◆ DATA TO USE ◆
(* Let $\mathcal A$ be a set of graphs, let $\mathcal C$ be a class of connected graphs each of which is bridge-addable in $\mathcal A$, and let $R_n\in_u\mathcal A$. Then: (a) $\mathbb E[\operatorname{frag}(R_n,\mathcal C)]<2$ for each $n$ with $\mathcal A_n\ne\emptyset$; (b) for $a\in\mathbb N$, letting $\mathcal B$ be the set of graphs $G\in\mathcal A$ having a component $H\in\mathcal C$ with $a\le v(H)\le v(G)-a$, we have $\mathbb P(R_n\in\mathcal B)<2/a$ for all $n\ge 2a$ (with $\mathcal A_n\ne\emptyset$).
   Context: $\mathcal A_n$: graphs in $\mathcal A$ on vertex set $[n]$; $R_n\in_u\mathcal A$: uniform on $\mathcal A_n$. A connected graph $H$ is bridge-addable in $\mathcal A$ if whenever $G\in\mathcal A$ has a component isomorphic to $H$ and $e$ is a non-edge between that component and the rest of $G$, $G+e\in\mathcal A$. $\operatorname{Frag}(G)$ is obtained from $G$ by deleting a largest component (ties broken arbitrarily); $\operatorname{frag}(G,\mathcal C)$ is the number of vertices in the components of $\operatorname{Frag}(G)$ that are in $\mathcal C$. *)

From mathcomp Require Export all_boot all_order all_algebra.
Set Implicit Arguments. Unset Strict Implicit. Unset Printing Implicit Defensive.

(* A (labelled) graph on vertex set [n] = 'I_n is given by its set of ordered
   pairs of adjacent vertices; it is a simple graph when this relation is
   irreflexive and symmetric. *)
Notation graph n := {set 'I_n * 'I_n}.

Definition is_sgraph n (G : graph n) : bool :=
  [forall x, (x, x) \notin G] && [forall x, forall y, ((x, y) \in G) == ((y, x) \in G)].

Definition gedge n (G : graph n) : rel 'I_n := fun x y => (x, y) \in G.

Definition gconnected n (G : graph n) : bool :=
  [forall x, forall y, connect (gedge G) x y].

Definition comps n (G : graph n) : {set {set 'I_n}} :=
  [set [set y | connect (gedge G) x y] | x : 'I_n].

Definition iso_comp n (G : graph n) (K : {set 'I_n}) k (H : graph k) : bool :=
  [exists f : {ffun 'I_k -> 'I_n},
     [&& injectiveb f, f @: setT == K &
         [forall x, forall y, ((x, y) \in H) == ((f x, f y) \in G)]]].

Definition gclass := forall n, pred (graph n).

Definition comp_in (C : gclass) n (G : graph n) (K : {set 'I_n}) : bool :=
  [exists H : graph #|K|, C #|K| H && iso_comp G K H].

Definition An (A : gclass) n : {set graph n} := [set G | is_sgraph G && A n G].

Definition bridge_addable (A : gclass) k (H : graph k) : Prop :=
  forall n (G : graph n) (K : {set 'I_n}) (u v : 'I_n),
    G \in An A n -> K \in comps G -> iso_comp G K H -> u \in K -> v \notin K ->
    G :|: [set (u, v); (v, u)] \in An A n.

(* L is a tie-breaking rule selecting a largest component of each graph *)
Definition largest_selector (A : gclass) (L : forall n, graph n -> {set 'I_n}) : Prop :=
  forall n (G : graph n), G \in An A n -> 0 < n ->
    L n G \in comps G /\ forall K, K \in comps G -> #|K| <= #|L n G|.

(* frag(G, C): vertices in components of Frag(G) (= G minus the component
   L n G) that are in C *)
Definition frag (C : gclass) (L : forall n, graph n -> {set 'I_n}) n (G : graph n) : nat :=
  \sum_(K in comps G | (K != L n G) && comp_in C G K) #|K|.

Definition inB (C : gclass) (a : nat) n (G : graph n) : bool :=
  [exists K in comps G, [&& comp_in C G K, a <= #|K| & #|K| <= n - a]].

From mathcomp Require Import all_boot all_order all_algebra.
From mathcomp Require Import zify.
Set Implicit Arguments. Unset Strict Implicit. Unset Printing Implicit Defensive.

(* Both parts of the theorem follow from one double-counting ("switching")
   argument.  Call a pair p = (u, v) a switch of G in the class X if u and v
   lie in different components of G and G + uv is again in X.  The map
   (G, p) |-> (G + uv, p) is injective and lands on pairs (G', p) where p is
   an (ordered) bridge of G' in X.  A graph on n vertices has at most n - 1
   bridges, hence at most 2(n - 1) ordered ones: orienting every bridge away
   from the root of its component, distinct bridges get distinct heads and no
   head is a root.  So the switches of all graphs of X number at most
   2(n - 1) |X|.
   (a) Every vertex u of a fragment component in C yields at least n - |F|
       >= |F| switches (u, v), and every vertex u outside F at least |F|
       switches (u, v) with v in F, where F is the set of such vertices;
       hence n * frag(G) switches per graph and n * E[frag] <= 2(n - 1).
   (b) A component K in C with a <= |K| <= n - a yields the 2|K|(n - |K|)
       >= a n pairs crossing K as switches, hence a n P(B) <= 2(n - 1). *)

Definition symmetric_graph n (G : graph n) : Prop :=
  forall x y, ((x, y) \in G) = ((y, x) \in G).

◆ TASK ITEM ◆
From the data above, return every line from the line that has "L n G \in comps" up to and including the line that has "P(B) <= 2(n - 1). *)", exactly.

◆ WRITTEN REPLY ◆
    L n G \in comps G /\ forall K, K \in comps G -> #|K| <= #|L n G|.

(* frag(G, C): vertices in components of Frag(G) (= G minus the component
   L n G) that are in C *)
Definition frag (C : gclass) (L : forall n, graph n -> {set 'I_n}) n (G : graph n) : nat :=
  \sum_(K in comps G | (K != L n G) && comp_in C G K) #|K|.

Definition inB (C : gclass) (a : nat) n (G : graph n) : bool :=
  [exists K in comps G, [&& comp_in C G K, a <= #|K| & #|K| <= n - a]].

From mathcomp Require Import all_boot all_order all_algebra.
From mathcomp Require Import zify.
Set Implicit Arguments. Unset Strict Implicit. Unset Printing Implicit Defensive.

(* Both parts of the theorem follow from one double-counting ("switching")
   argument.  Call a pair p = (u, v) a switch of G in the class X if u and v
   lie in different components of G and G + uv is again in X.  The map
   (G, p) |-> (G + uv, p) is injective and lands on pairs (G', p) where p is
   an (ordered) bridge of G' in X.  A graph on n vertices has at most n - 1
   bridges, hence at most 2(n - 1) ordered ones: orienting every bridge away
   from the root of its component, distinct bridges get distinct heads and no
   head is a root.  So the switches of all graphs of X number at most
   2(n - 1) |X|.
   (a) Every vertex u of a fragment component in C yields at least n - |F|
       >= |F| switches (u, v), and every vertex u outside F at least |F|
       switches (u, v) with v in F, where F is the set of such vertices;
       hence n * frag(G) switches per graph and n * E[frag] <= 2(n - 1).
   (b) A component K in C with a <= |K| <= n - a yields the 2|K|(n - |K|)
       >= a n pairs crossing K as switches, hence a n P(B) <= 2(n - 1). *)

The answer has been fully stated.